A total of $15.3 billion was set aside under Budget 2019 for special transfers to meet the current and future needs of Singaporeans. Such transfers include top-ups to endowments and trust funds.
This figure was revealed yesterday in a report by a committee of MPs tasked with examining government spending. They called on the Government to ensure the sustainability of such transfers, to meet competing needs of Singaporeans across different generations.
Of the $15.3 billion, $6.1 billion went to the Merdeka Generation Fund, which provides financial and other support to those born between 1950 and 1959; and $5.08 billion to the Long-Term Care Support Fund, which supports measures like CareShield Life subsidies and the ElderFund assistance scheme.
The rest went to businesses and households, like the one-off SG Bonus that was announced last year to share the fruits of the country's development with Singaporeans.
The eight-member Estimates Committee gave this update yesterday in its 55-page report. Set up by Parliament, the committee considers the Government's Budget and reports on any improvements that can be made.
Noting the "significant amount" of special transfers, committee chairman and West Coast GRC MP Foo Mee Har said: "The committee urged the Government to explore ways to find the right financing solution to fund programmes, balancing competing needs of Singaporeans across generations as well as ensuring the healthcare needs of new cohorts beyond Pioneer and Merdeka generations would receive similar support."
The committee also asked the Ministry of Finance (MOF) if there was any relationship between special transfers and Budget surpluses.
In reply, MOF said the timing and amount of special transfers are not "mechanically determined" by the amount of Budget surplus, but based on considerations like the Government's long-term plans and economic and social needs.
Such transfers could even increase in times of Budget deficit, it said.
It cited how, despite a Budget balance deficit of $0.8 billion during the global financial crisis in 2009, the $4.5 billion Jobs Credit Scheme was introduced to encourage businesses to preserve jobs.

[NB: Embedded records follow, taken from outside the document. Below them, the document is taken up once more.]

(* Let $n\ge0$ be an integer, $\omega\in\mathbb{R}$ and $\theta_0\in\mathbb{T}$, and write $\theta_j=\theta_0+j\omega$. Suppose that for each $0\le k\le n$ we are given $\Sigma_k\subset\mathbb{T}$ such that $(\Sigma_k,\theta_0)$ is an $(r_k,l_k,a_k)$-system. Then for every integer $t>0$, $$\frac{|\{0\le j<t:\theta_j\in\bigcup_{k=0}^n\Sigma_k\}|}{t}\le\sum_{k=0}^n\Big(\frac{l_k}{t}+\frac{l_k}{r_k+l_k}\Big)$$ and $$\frac{|\{0\le j<t:\theta_j\in\bigcup_{k=0}^n\Sigma_k\}|}{t}\le\sum_{k=0}^n\frac{l_k}{m_k+l_k},\qquad m_k=\min\{a_k,r_k\}.$$
   Context: Fix $\Sigma\subset\mathbb{T}$ and the orbit $\theta_j=\theta_0+j\omega$, $j\in\mathbb{Z}$. The set $\Sigma$ has minimal return time $r>0$ if whenever an orbit leaves $\Sigma$ it does not return for at least $r$ iterates, i.e. every maximal block of consecutive iterates outside $\Sigma$ lying between two visits to $\Sigma$ has length at least $r$. It has maximal confinement time $l>0$ if every block of consecutive iterates $\theta_i,\theta_{i+1},\dots$ all lying in $\Sigma$ has length at most $l$. The point $\theta_0$ has accumulation time $a\ge0$ with respect to $\Sigma$ if $\theta_i\notin\Sigma$ for all $0\le i<a$. If these hold, $(\Sigma,\theta_0)$ is called an $(r,l,a)$-system. *)

From Stdlib Require Import Reals ZArith Arith Lia ClassicalEpsilon.
Open Scope R_scope.

(* The torus T = R/Z is represented by the fundamental domain [0,1):
   tproj x is the representative of x mod 1 in [0,1). A subset of T is a
   predicate on R (only its values on [0,1) matter). *)
Definition tproj (x : R) : R := x - IZR (Int_part x).

Definition orbit (theta0 omega : R) (j : Z) : R := tproj (theta0 + IZR j * omega).

Definition in_orb (Sigma : R -> Prop) (theta0 omega : R) (j : Z) : Prop :=
  Sigma (orbit theta0 omega j).

Definition min_return_time (Sigma : R -> Prop) (theta0 omega : R) (r : nat) : Prop :=
  forall i k : Z, (i + 1 < k)%Z ->
    in_orb Sigma theta0 omega i -> in_orb Sigma theta0 omega k ->
    (forall m : Z, (i < m < k)%Z -> ~ in_orb Sigma theta0 omega m) ->
    (Z.of_nat r <= k - i - 1)%Z.

Definition max_confinement_time (Sigma : R -> Prop) (theta0 omega : R) (l : nat) : Prop :=
  forall (i : Z) (len : nat),
    (forall m : Z, (i <= m < i + Z.of_nat len)%Z -> in_orb Sigma theta0 omega m) ->
    (len <= l)%nat.

Definition accumulation_time (Sigma : R -> Prop) (theta0 omega : R) (a : nat) : Prop :=
  forall i : nat, (i < a)%nat -> ~ in_orb Sigma theta0 omega (Z.of_nat i).

Definition rla_system (Sigma : R -> Prop) (theta0 omega : R) (r l a : nat) : Prop :=
  (0 < r)%nat /\ (0 < l)%nat /\
  min_return_time Sigma theta0 omega r /\
  max_confinement_time Sigma theta0 omega l /\
  accumulation_time Sigma theta0 omega a.

Fixpoint count_union (n : nat) (Sigma : nat -> R -> Prop) (theta0 omega : R) (t : nat) : nat :=
  match t with
  | O => O
  | S t' => (count_union n Sigma theta0 omega t' +
            (if excluded_middle_informative
                  (exists k : nat, (k <= n)%nat /\ in_orb (Sigma k) theta0 omega (Z.of_nat t'))
             then 1 else 0))%nat
  end.

(* Cut the visits to Sigma_k before time t into maximal runs.  A run has
   length s <= l_k and, unless it is the first, follows a gap of length
   g >= r_k, so (l_k + m) s <= l_k (g + s) for every m <= r_k: the visits fill
   at most the fraction l_k / (m + l_k) of each gap-plus-run block.  Only the
   first gap can be short; it is at least a_k, which gives the bound with
   m = min(a_k, r_k), or else it costs an additive error of at most l_k, the
   l_k / t term.  The union is then bounded by the sum over k. *)

From Stdlib Require Import Reals ZArith Arith Lia Lra ClassicalEpsilon.
Open Scope R_scope.

Definition indicator (P : nat -> Prop) (j : nat) : nat :=
  if excluded_middle_informative (P j) then 1%nat else 0%nat.

Fixpoint count_below (P : nat -> Prop) (t : nat) : nat :=
  match t with
  | O => O
  | S t' => (count_below P t' + indicator P t')%nat
  end.

Fixpoint streak (P : nat -> Prop) (t : nat) : nat :=
  match t with
  | O => O
  | S t' => if excluded_middle_informative (P t') then S (streak P t') else O
  end.

Lemma streak_le P t : (streak P t <= t)%nat.
Proof.
  induction t as [|t IH]; simpl; [lia|].
  destruct excluded_middle_informative; lia.
Qed.

Lemma streak_holds P t j : (t - streak P t <= j < t)%nat -> P j.
Proof.
  revert j; induction t as [|t IH]; simpl; intros j Hj; [lia|].
  destruct excluded_middle_informative as [Pt|_]; [|lia].
  destruct (Nat.eq_dec j t) as [->|]; [exact Pt|].
  apply IH; lia.
Qed.

Lemma streak_maximal P t :
  (0 < t - streak P t)%nat -> ~ P (t - streak P t - 1)%nat.
Proof.
  induction t as [|t IH]; simpl; intros Ht; [lia|].
  destruct excluded_middle_informative as [Pt|nPt].
  - replace (t - streak P t - 1)%nat with (S t - S (streak P t) - 1)%nat in IH by lia.
    apply IH; lia.
  - match goal with |- ~ P ?x => replace x with t by lia end; exact nPt.
Qed.

Lemma streak_pos P t : (0 < t)%nat -> P (t - 1)%nat -> (1 <= streak P t)%nat.
Proof.
  destruct t as [|t]; simpl; intros Ht Pt; [lia|].
  rewrite Nat.sub_0_r in Pt; destruct excluded_middle_informative; [lia | contradiction].
Qed.

Lemma count_below_block_in P u d :
  (forall j, (u <= j < u + d)%nat -> P j) ->
  count_below P (u + d) = (count_below P u + d)%nat.
Proof.
  induction d as [|d IH]; intros Hin; [now rewrite !Nat.add_0_r|].
  rewrite Nat.add_succ_r; simpl; rewrite IH by (intros; apply Hin; lia).
  unfold indicator; destruct excluded_middle_informative as [_|nP]; [lia|].
  exfalso; apply nP, Hin; lia.
Qed.

Lemma count_below_block_out P u d :
  (forall j, (u <= j < u + d)%nat -> ~ P j) ->
  count_below P (u + d) = count_below P u.
Proof.
  induction d as [|d IH]; intros Hout; [now rewrite Nat.add_0_r|].
  rewrite Nat.add_succ_r; simpl; rewrite IH by (intros; apply Hout; lia).
  unfold indicator; destruct excluded_middle_informative as [Pj|_]; [|lia].
  exfalso; apply (Hout (u + d)%nat); [lia | exact Pj].
Qed.

Section RunsAndGaps.

Variables (P : nat -> Prop) (l m r K : nat).

Hypothesis confinement :
  forall i len, (forall j, (i <= j < i + len)%nat -> P j) -> (len <= l)%nat.
Hypothesis return_time :
  forall i k, (i + 1 < k)%nat -> P i -> P k ->
    (forall j, (i < j < k)%nat -> ~ P j) -> (r <= k - i - 1)%nat.
Hypothesis m_le_r : (m <= r)%nat.
(* The slack K pays for a first gap [0, u) shorter than m. *)
Hypothesis first_visit :
  forall u, P u -> (forall j, (j < u)%nat -> ~ P j) -> (l * m <= K + l * u)%nat.

(* Strong induction, peeling off the last run [u, t) and the gap [v, u)
   before it. *)
Lemma count_below_bound t : ((l + m) * count_below P t <= l * t + K)%nat.
Proof.
  induction t as [t IH] using lt_wf_ind.
  destruct t as [|t]; [simpl; lia|].
  destruct (excluded_middle_informative (P t)) as [Pt|nPt].
  2: { specialize (IH t (Nat.lt_succ_diag_r t)); simpl; unfold indicator.
       destruct excluded_middle_informative; [contradiction | lia]. }
  set (s := streak P (S t)).
  set (u := (S t - s)%nat).
  set (g := streak (fun j => ~ P j) u).
  set (v := (u - g)%nat).
  assert (Hs1 : (1 <= s)%nat) by (apply streak_pos; [lia | now rewrite Nat.sub_succ, Nat.sub_0_r]).
  assert (Ht : S t = (u + s)%nat) by (pose proof (streak_le P (S t)); unfold u, s in *; lia).
  assert (Hu : u = (v + g)%nat) by (pose proof (streak_le (fun j => ~ P j) u); unfold v, g in *; lia).
  assert (Hrun : forall j, (u <= j < u + s)%nat -> P j).
  { intros j Hj; apply (streak_holds P (S t)); fold s u; lia. }
  assert (Hgap : forall j, (v <= j < v + g)%nat -> ~ P j).
  { intros j Hj; apply (streak_holds (fun j => ~ P j) u); fold g v; lia. }
  assert (Hsl : (s <= l)%nat) by exact (confinement u s Hrun).
  assert (Pu : P u) by (apply Hrun; lia).
  assert (Hcount : count_below P (S t) = (count_below P v + s)%nat).
  { rewrite Ht, count_below_block_in by exact Hrun.
    rewrite Hu, count_below_block_out by exact Hgap; reflexivity. }
  rewrite Hcount.
  destruct (Nat.eq_dec v 0) as [Hv0|Hv0].
  - assert (Hfirst := first_visit u Pu ltac:(intros j Hj; apply Hgap; lia)).
    rewrite Hv0; simpl count_below.
    assert (m * s <= l * m)%nat by nia.
    nia.
  - assert (Hg1 : (1 <= g)%nat).
    { apply streak_pos; [lia|].
      apply (streak_maximal P (S t)); fold s u; lia. }
    assert (Pv1 : P (v - 1)%nat).
    { destruct (excluded_middle_informative (P (v - 1))) as [Pv1|nPv1]; [exact Pv1|].
      exfalso; apply (streak_maximal (fun j => ~ P j) u); fold g v; [lia | exact nPv1]. }
    assert (Hgr : (r <= g)%nat).
    { replace g with (u - (v - 1) - 1)%nat by lia.
      apply return_time; [lia | exact Pv1 | exact Pu |].
      intros j Hj; apply Hgap; lia. }
    specialize (IH v ltac:(lia)).
    assert (m * s <= l * g)%nat by nia.
    nia.
Qed.

End RunsAndGaps.

Definition visits (Sigma : R -> Prop) (theta0 omega : R) (j : nat) : Prop :=
  in_orb Sigma theta0 omega (Z.of_nat j).

Section RlaSystem.

Variables (Sigma : R -> Prop) (theta0 omega : R) (r l a : nat).
Hypothesis Hsys : rla_system Sigma theta0 omega r l a.

Lemma rla_confinement i len :
  (forall j, (i <= j < i + len)%nat -> visits Sigma theta0 omega j) -> (len <= l)%nat.
Proof.
  destruct Hsys as (_ & _ & _ & Hconf & _); intros Hin.
  apply (Hconf (Z.of_nat i)); intros z Hz.
  replace z with (Z.of_nat (Z.to_nat z)) by lia; apply Hin; lia.
Qed.

Lemma rla_return_time i k :
  (i + 1 < k)%nat -> visits Sigma theta0 omega i -> visits Sigma theta0 omega k ->
  (forall j, (i < j < k)%nat -> ~ visits Sigma theta0 omega j) -> (r <= k - i - 1)%nat.
Proof.
  destruct Hsys as (_ & _ & Hret & _ & _); intros Hik Vi Vk Hout.
  enough (Z.of_nat r <= Z.of_nat k - Z.of_nat i - 1)%Z by lia.
  apply Hret; [lia | exact Vi | exact Vk |].
  intros z Hz; replace z with (Z.of_nat (Z.to_nat z)) by lia; apply Hout; lia.
Qed.

Lemma rla_accumulation_time j : visits Sigma theta0 omega j -> (a <= j)%nat.
Proof.
  destruct Hsys as (_ & _ & _ & _ & Hacc); intros Vj.
  destruct (Nat.lt_ge_cases j a) as [Hja|]; [exfalso; exact (Hacc j Hja Vj) | assumption].
Qed.

Lemma rla_count_le_return t :
  ((l + r) * count_below (visits Sigma theta0 omega) t <= l * t + r * l)%nat.
Proof.
  apply count_below_bound with (r := r);
    [exact rla_confinement | exact rla_return_time | lia | intros; nia].
Qed.

Lemma rla_count_le_min t :
  ((l + Nat.min a r) * count_below (visits Sigma theta0 omega) t <= l * t)%nat.
Proof.
  rewrite <- (Nat.add_0_r (l * t)); apply count_below_bound with (r := r);
    [exact rla_confinement | exact rla_return_time | lia |].
  intros u Vu _; pose proof (rla_accumulation_time u Vu); nia.
Qed.

End RlaSystem.

Lemma sum_f_R0_ge_term (f : nat -> R) n k :
  (forall i, 0 <= f i) -> (k <= n)%nat -> f k <= sum_f_R0 f n.
Proof.
  intros Hf; induction n as [|n IH]; intros Hk.
  - replace k with 0%nat by lia; simpl; lra.
  - simpl; destruct (Nat.eq_dec k (S n)) as [->|Hne].
    + pose proof (cond_pos_sum f n Hf); lra.
    + pose proof (IH ltac:(lia)); pose proof (Hf (S n)); lra.
Qed.

Lemma indicator_exists_le_sum (Q : nat -> nat -> Prop) n j :
  INR (indicator (fun j => exists k, (k <= n)%nat /\ Q k j) j)
    <= sum_f_R0 (fun k => INR (indicator (Q k) j)) n.
Proof.
  unfold indicator at 1; destruct excluded_middle_informative as [[k [Hk Qk]]|_].
  - eapply Rle_trans; [|apply (sum_f_R0_ge_term _ n k); [intros; apply pos_INR | exact Hk]].
    unfold indicator; destruct excluded_middle_informative; [lra | contradiction].
  - apply cond_pos_sum; intros; apply pos_INR.
Qed.

Lemma count_below_exists_le_sum (Q : nat -> nat -> Prop) n t :
  INR (count_below (fun j => exists k, (k <= n)%nat /\ Q k j) t)
    <= sum_f_R0 (fun k => INR (count_below (Q k) t)) n.
Proof.
  induction t as [|t IH]; simpl count_below.
  - apply cond_pos_sum; intros; apply pos_INR.
  - rewrite plus_INR, (sum_eq _ (fun k => INR (count_below (Q k) t) + INR (indicator (Q k) t)))
      by (intros; apply plus_INR).
    rewrite sum_plus; pose proof (indicator_exists_le_sum Q n t); lra.
Qed.

Lemma count_union_eq n Sigma theta0 omega t :
  count_union n Sigma theta0 omega t
  = count_below (fun j => exists k, (k <= n)%nat /\ visits (Sigma k) theta0 omega j) t.
Proof. induction t as [|t IH]; simpl; [reflexivity | now rewrite IH]. Qed.

Lemma sum_f_R0_div (f : nat -> R) c n :
  sum_f_R0 (fun k => f k / c) n = sum_f_R0 f n / c.
Proof. induction n as [|n IH]; simpl; [reflexivity | rewrite IH; unfold Rdiv; ring]. Qed.

Lemma ratio_le_of_count_le_return (c t l r : R) :
  0 < t -> 0 < l -> 0 <= r -> (l + r) * c <= l * t + r * l ->
  c / t <= l / t + l / (r + l).
Proof.
  intros Ht Hl Hr H.
  assert (E : l / t + l / (r + l) - c / t
              = (l * (r + l) + l * t - (r + l) * c) / (t * (r + l))) by (field; lra).
  enough (0 <= (l * (r + l) + l * t - (r + l) * c) / (t * (r + l))) by lra.
  unfold Rdiv; apply Rmult_le_pos; [nra | left; apply Rinv_0_lt_compat; nra].
Qed.

Lemma ratio_le_of_count_le_min (c t l m : R) :
  0 < t -> 0 < l -> 0 <= m -> (l + m) * c <= l * t ->
  c / t <= l / (m + l).
Proof.
  intros Ht Hl Hm H.
  assert (E : l / (m + l) - c / t = (l * t - (m + l) * c) / (t * (m + l))) by (field; lra).
  enough (0 <= (l * t - (m + l) * c) / (t * (m + l))) by lra.
  unfold Rdiv; apply Rmult_le_pos; [nra | left; apply Rinv_0_lt_compat; nra].
Qed.

Theorem lemmaB1 (n : nat) (omega theta0 : R) (Sigma : nat -> R -> Prop)
  (r l a : nat -> nat)
  (Hsys : forall k : nat, (k <= n)%nat -> rla_system (Sigma k) theta0 omega (r k) (l k) (a k)) :
  forall t : nat, (0 < t)%nat ->
    INR (count_union n Sigma theta0 omega t) / INR t
      <= sum_f_R0 (fun k => INR (l k) / INR t + INR (l k) / INR (r k + l k)) n
    /\
    INR (count_union n Sigma theta0 omega t) / INR t
      <= sum_f_R0 (fun k => INR (l k) / INR (Nat.min (a k) (r k) + l k)) n.
Proof.
  intros t Ht.
  assert (Ht' : 0 < INR t) by (apply lt_0_INR; lia).
  set (c k := INR (count_below (visits (Sigma k) theta0 omega) t)).
  assert (Hunion : INR (count_union n Sigma theta0 omega t) / INR t
                   <= sum_f_R0 (fun k => c k / INR t) n).
  { rewrite sum_f_R0_div, count_union_eq.
    apply Rmult_le_compat_r; [left; apply Rinv_0_lt_compat, Ht'|].
    apply count_below_exists_le_sum. }
  split; eapply Rle_trans; try exact Hunion; apply sum_Rle; intros k Hk;
    destruct (Hsys k Hk) as (_ & Hl & _); rewrite plus_INR.
  - apply ratio_le_of_count_le_return; [exact Ht' | apply lt_0_INR, Hl | apply pos_INR |].
    unfold c; rewrite <- !plus_INR, <- !mult_INR, <- plus_INR.
    apply le_INR, (rla_count_le_return _ _ _ _ _ _ (Hsys k Hk)).
  - apply ratio_le_of_count_le_min; [exact Ht' | apply lt_0_INR, Hl | apply pos_INR |].
    unfold c; rewrite <- !plus_INR, <- !mult_INR.
    apply le_INR, (rla_count_le_min _ _ _ _ _ _ (Hsys k Hk)).
Qed.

While the ministry expected baseline healthcare spending to climb, given a rapidly ageing population and more prevalent chronic diseases, it said the Government would meet the increase in recurrent expenditure with recurrent revenue - such as from the hike in the goods and services tax from 7 per cent to 9 per cent, which will take place some time between 2021 and 2025.
This will go towards providing subsidies to the elderly, building new capacity and investing in new medical technologies to improve care quality, among others.
The committee also questioned MOF on the use of government debt to finance long-term infrastructure projects such as those that protect Singapore against climate change.
MOF said that doing so is fairer and more efficient, as it converts a lump sum of spending into a smoother stream of loan repayments. "Done in a responsible and sustainable manner, borrowing would help instil financial discipline and distribute the share of funding more equitably across current and future generations," it said.
There will be safeguards to ensure that the debt, and its interest and repayment, are sustainable and in line with the reserves protection framework, it added.
It gave assurance that the Government would spend prudently, save up where possible and raise revenues in a fair and progressive manner.
The committee comprises seven People's Action Party MPs and Workers' Party Non-Constituency MP Daniel Goh. In making its recommendations, it had considered the input of MOF and the Singapore Business Federation.